Erlulph (died 830) was a Scottish missionary and 10th Bishop of Verden who was martyred by pagans in Germany.
His feast day is 10 February.

==Life==

John O'Hanlon (1821–1905) wrote that very little is known of Erlulph's life and career beyond two paragraphs by the Bollandists for 2 February.
John Colgan (1592–1658) classed him among the Irish saints. (Note: At this time Ireland was called Scotia, and the people of Ireland were called Scots.)
Dempster gives his feast day as 22 February and Camerarius says it was 10 February.

Charlemagne introduced Christianity to Saxony around 780 and founded bishoprics at Minden and Verden.
Some say that Erlulph died in 815.
Another account says he died at a place named Eppockstorp or Ebbeckstorp in 830, 839 or 856, killed by pagan Saxons or Norsemen.
Others say that he was the 10th bishop of Verden and was living there in 876.
Dempster says that Erlulph was the 9th bishop of Verden and the last of the Scottish bishops.
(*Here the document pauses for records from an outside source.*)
(* [ln Sigma_(m+1) - ln Sigma_m <= f_m / Sigma_m <= f_m' / m]. *)
Lemma ln_Sigma_step m x : (1 <= m)%nat -> 0 <= x <= beta0 ->
  ln (Sigma f (S m) x) - ln (Sigma f m x) <= / INR m * f' m x.
Proof.
  intros Hm Hx.
  destruct (f_ineq m x Hm Hx) as [HS Hf'].
  destruct (f_ineq (S m) x ltac:(lia) Hx) as [HS' _].
  eapply Rle_trans; [apply ln_sub_le_div; assumption|].
  change (Sigma f (S m) x) with (Sigma f m x + f m x).
  assert (Hmpos : 0 < INR m) by (apply lt_0_INR; lia).
  replace ((Sigma f m x + f m x - Sigma f m x) / Sigma f m x)
    with (/ INR m * (INR m / Sigma f m x * f m x)) by (field; lra).
  apply Rmult_le_compat_l; [left; apply Rinv_0_lt_compat, Hmpos| lra].
Qed.

Lemma ln_Sigma_le_weighted_deriv n x : 0 <= x <= beta0 ->
  ln (Sigma f (S (S n)) x) - ln (Sigma f 1 x) <= weighted_sum f' n x.
Proof.
  intros Hx. unfold weighted_sum. induction n as [|n IH].
  - apply ln_Sigma_step; [lia| exact Hx].
  - rewrite tech5. pose proof (ln_Sigma_step (S (S n)) x ltac:(lia) Hx). lra.
Qed.

Lemma weighted_sum_growth n x beta : 0 <= x <= beta -> beta <= beta0 ->
  (ln (Sigma f (S n) x) - ln M) * (beta - x) <= weighted_sum f n beta.
Proof.
  intros Hx Hbeta.
  assert (Hderiv : has_deriv_on x beta (weighted_sum f n) (weighted_sum f' n)).
  { apply (has_deriv_on_sub 0 beta0); [|lra| lra].
    apply (has_deriv_on_sum 0 beta0 (fun k y => / INR (S k) * f (S k) y)).
    intros k. apply has_deriv_on_scal, f_deriv. }
  pose proof (has_deriv_on_linear_growth x beta _ _ (ln (Sigma f (S n) x) - ln M)
                ltac:(lra) Hderiv) as Hgrowth.
  pose proof (weighted_sum_nonneg n x ltac:(lra)).
  enough (weighted_sum f n x + (ln (Sigma f (S n) x) - ln M) * (beta - x)
            <= weighted_sum f n beta) by lra.
  apply Hgrowth. intros y Hy.
  pose proof (ln_Sigma_le_weighted_deriv n y ltac:(lra)).
  destruct (f_ineq (S n) x ltac:(lia) ltac:(lra)) as [HSx _].
  destruct (f_ineq 1 y (le_n 1) ltac:(lra)) as [HS1 _].
  pose proof (Sigma_le_x (S n) x y ltac:(lra) ltac:(lra) ltac:(lra)).
  pose proof (Sigma_le_n (S n) (S (S n)) y ltac:(lra) ltac:(lia)).
  assert (ln (Sigma f (S n) x) <= ln (Sigma f (S (S n)) y)) by (apply ln_le; lra).
  assert (Sigma f 1 y <= M) by (simpl; pose proof (f_bounds 0 y ltac:(lra)); lra).
  assert (ln (Sigma f 1 y) <= ln M) by (apply ln_le; lra).
  lra.
Qed.

Lemma weighted_mean_ge_frequently x beta gam : ~ Sigma_subpower x -> 0 <= x < beta ->
  beta <= beta0 -> 0 <= gam < 1 ->
  forall N, exists n, (N <= n)%nat /\ gam * (beta - x) <= weighted_sum f n beta / harmonic n.
Proof.
  intros Hnot Hx Hbeta Hgam N.
  set (gam' := (1 + gam) / 2).
  assert (Hfreq : forall N, exists n, (N <= n)%nat /\ gam' * ln (INR n) < ln (Sigma f n x)).
  { intros N'. apply NNPP. intros Hno. apply Hnot.
    exists gam'. split; [unfold gam'; lra|]. exists N'. intros n Hn.
    apply Rnot_lt_le. intros Hlt. apply Hno. exists n. split; assumption. }
  (* Past [L1], the margin [(gam' - gam) ln n] absorbs [gam + ln M]. *)
  set (L1 := (gam + ln M) / (gam' - gam)).
  destruct (INR_archimed 1 (exp L1) Rlt_0_1) as [N1 HN1].
  destruct (Hfreq (Nat.max (S N) (Nat.max N1 1))) as [[|n] [Hn Hbig]]; [lia|].
  exists n. split; [lia|].
  set (L := ln (INR (S n))) in Hbig.
  assert (HL : L1 <= L).
  { unfold L. rewrite <- (ln_exp L1). apply ln_le; [apply exp_pos|].
    assert (INR N1 <= INR (S n)) by (apply le_INR; lia). lra. }
  assert (HK : gam * (1 + L) <= ln (Sigma f (S n) x) - ln M).
  { assert (Hmargin : (gam' - gam) * L1 <= (gam' - gam) * L)
      by (apply Rmult_le_compat_l; unfold gam'; lra).
    replace ((gam' - gam) * L1) with (gam + ln M) in Hmargin
      by (unfold L1, gam'; field; lra).
    unfold gam' in *. lra. }
  pose proof (weighted_sum_growth n x beta ltac:(lra) Hbeta) as Hgrowth.
  pose proof (harmonic_le_ln n) as Hup. fold L in Hup.
  assert (Hhpos : 0 < harmonic n).
  { eapply Rlt_le_trans; [| apply ln_le_harmonic].
    rewrite <- ln_1. apply ln_increasing; [lra|].
    rewrite !S_INR. pose proof (pos_INR n). lra. }
  apply Rmult_le_reg_r with (harmonic n); [exact Hhpos|].
  replace (weighted_sum f n beta / harmonic n * harmonic n) with (weighted_sum f n beta)
    by (field; lra).
  apply Rle_trans with (gam * (beta - x) * (1 + L)).
  - apply Rmult_le_compat_l; [apply Rmult_le_pos; lra| exact Hup].
  - apply Rle_trans with ((ln (Sigma f (S n) x) - ln M) * (beta - x)); [|exact Hgrowth].
    replace (gam * (beta - x) * (1 + L)) with (gam * (1 + L) * (beta - x)) by ring.
    apply Rmult_le_compat_r; lra.
Qed.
The relics of the bishops were found in 1630 during repair of the old cathedral of Verden and were encased in a casket.
In 1659 Bishop Francis William took the relics with him to Regensburg when he fled from the Swedes.

==Butler's account==

The hagiographer Alban Butler wrote in his Lives of the primitive fathers, martyrs, and other principal saints (1798),

St. Erlulph, Bishop and Martyr, Native of Scotland

SEVERAL Scottish missionaries passed into the North-western parts of Germany, to sow there the seeds of the faith, at the time when Charlemagne subdued the Saxons. In imitation of these apostolic men, saint Erlulph, an holy Scotchman, went thither, and after employing many years with great success in that arduous mission, was chosen the tenth bishop of Verdun. His zeal in propagating the faith enraged the barbarous infidels, and he was slain by them at a place called Eppokstorp, in 830. See Krantzius, l. 3. Metrop. c. 30. Democh. Catal. episc. Verd. Pantaleon, &c. (Note: This saint must not be confounded with Ernulph, a most holy man, the apostle of Iceland, who flourished in the year 890; on whom see Jonas, Histor. Islandiæ.)